この経験から得られる教訓は、依存するライブラリは将来的な技術的負債になりうるという認識を持つことです。新しいライブラリを導入する際は、その場の利便性だけでなく、依存関係の多さや、メンテナンスが活発に行われて信頼性があるかといった観点を導入基準に含めることが重要です。また、日々ライブラリをアップデートし続け、ビッグバンアップデートにしないことも重要です。

勘所3:自動テストの価値

ビルドが通り、アプリが起動したとしても、まだ安心はできません。ライブラリのアップデートによって、内部的な挙動が意図せず変わっている可能性があります。

このような変化に気づくために、自動テストが非常に有効です。

  • CIによるユニットテスト・結合テスト: 既存のロジックが壊れていないかを機械的にチェックできます。
  • UIテストの自動化: 画面の表示崩れや、ユーザー操作に対する反応の変化などを検知しやすくなります。

日々テストコードを書くことにより移行時のコストを下げられる反面、テストコード自体もまた依存性を持つことに注意が必要です。大規模なアップデートの際にはテストコード自体も大幅に書き換える必要があるでしょう。

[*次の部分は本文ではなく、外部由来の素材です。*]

Lemma Ap_series_le e :
  (\esum_(k in [set: int]) (weighted_term p a k)%:E)%E = e%:E ->
  (\sum_(0 <= k <oo) Ap_term p a k `^ p <= (hardy_const p * e)%:E)%E.
Proof.
move=> esumE.
apply: (@nneseries_le_of_diagonal_sums _ _ (fun k N => tail_sum_a k N `^ p)).
- by move=> k; exact: poweR_ge0.
- by move=> k N; exact: powR_ge0.
- move=> k N N' NN'; apply: ge0_ler_powR; rewrite ?nnegrE ?tail_sum_a_ge0 ?(ltW p_gt0) //.
  exact: (@tail_sum_homo R b b_ge0 rho tau rho01 tau01).
- exact: Ap_term_powR_le.
move=> N; apply: le_trans (@tail_sum_powR_le R p p_gt1 b b_ge0 rho tau rho01 tau01
  (dyadic_rho_powR p_gt1) N) _.
rewrite /hardy_const -mulrA; apply: ler_wpM2l.
  exact: ltW (@schur_const_gt0 R p rho tau rho01 tau01).
apply: le_trans (sum_block_weight_le _ _ N _ p_gt1 esumE) _.
by rewrite -mulrA mulr_natl mulr2n.
Qed.

End ApBound.

Theorem mainTheorem11 (R : realType) (p : R) (hp1 : 1 < p) :
  exists C : R, 0 < C /\
    forall a : int -> R[i], (Ap p a <= C%:E * RHSp p a)%E.
Proof.
have p_gt0 : 0 < p by exact: lt_trans hp1.
have C_gt0 := hardy_const_gt0 hp1.
exists (hardy_const p `^ p^-1); split => [|a]; first exact: powR_gt0.
rewrite ApE /RHSp.
set E := (\esum_(k in _) _)%E.
have E_ge0 : (0 <= E)%E by apply: esum_ge0 => k _; rewrite lee_fin mulr_ge0 ?powR_ge0.
have [->|E_neq] := eqVneq E +oo%E.
  by rewrite poweRyr ?invr_eq0 ?gt_eqF // mulry gtr0_sg ?mul1e ?leey ?powR_gt0.
have E_fin : E \is a fin_num by rewrite ge0_fin_numE // lt_neqAle E_neq leey.
have e_ge0 : 0 <= fine E by exact: fine_ge0.
rewrite -(fineK E_fin) poweR_EFin -EFinM -powRM ?(ltW C_gt0) // -poweR_EFin.
apply: gt0_ler_poweR; rewrite ?invr_ge0 ?(ltW p_gt0) //.
- by rewrite in_itv /= leey andbT nneseries_ge0 // => k _ _; exact: poweR_ge0.
- by rewrite in_itv /= leey andbT lee_fin mulr_ge0 ?(ltW C_gt0).
- by apply: Ap_series_le => //; rewrite fineK.
Qed.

自動テストで全てのデグレを検知できるわけではありません。特に大規模なアップデートの後は、QAチームと連携し、主要な機能について手動でのテストを実施し最終的な品質担保をすべきでしょう。

勘所4:こまめなコミット

最後に、当たり前かもしれませんが、極めて重要な心構えについてです。それは、随時コミットを重ねることです。

依存の依存を一つずつ解決していくプロセスでは、変更が膨大になりがちです。このライブラリのバージョンを上げたら、別の箇所が動かなくなったので、一旦変更を取り消したいという状況は頻繁に発生します。

作業単位でこまめにコミットをしておくことで、

  • 特定の変更点へ安全に戻りやすくなる
  • 変更が膨大になっても、git cherry-pickなどで必要な変更だけを取り込む選択肢が生まれる

など、柔軟な対応が可能になります。

まとめ

モバイルアプリ開発における基盤ライブラリのメジャーアップデートは、計画なしに進めるとDependency Hellに陥りがちな難しいタスクです。しかし、体系的なアプローチで臨めば、そのリスクを大きく下げることができます。

この記事が、皆さんの次回のアップデート作業の助けになることを願っています。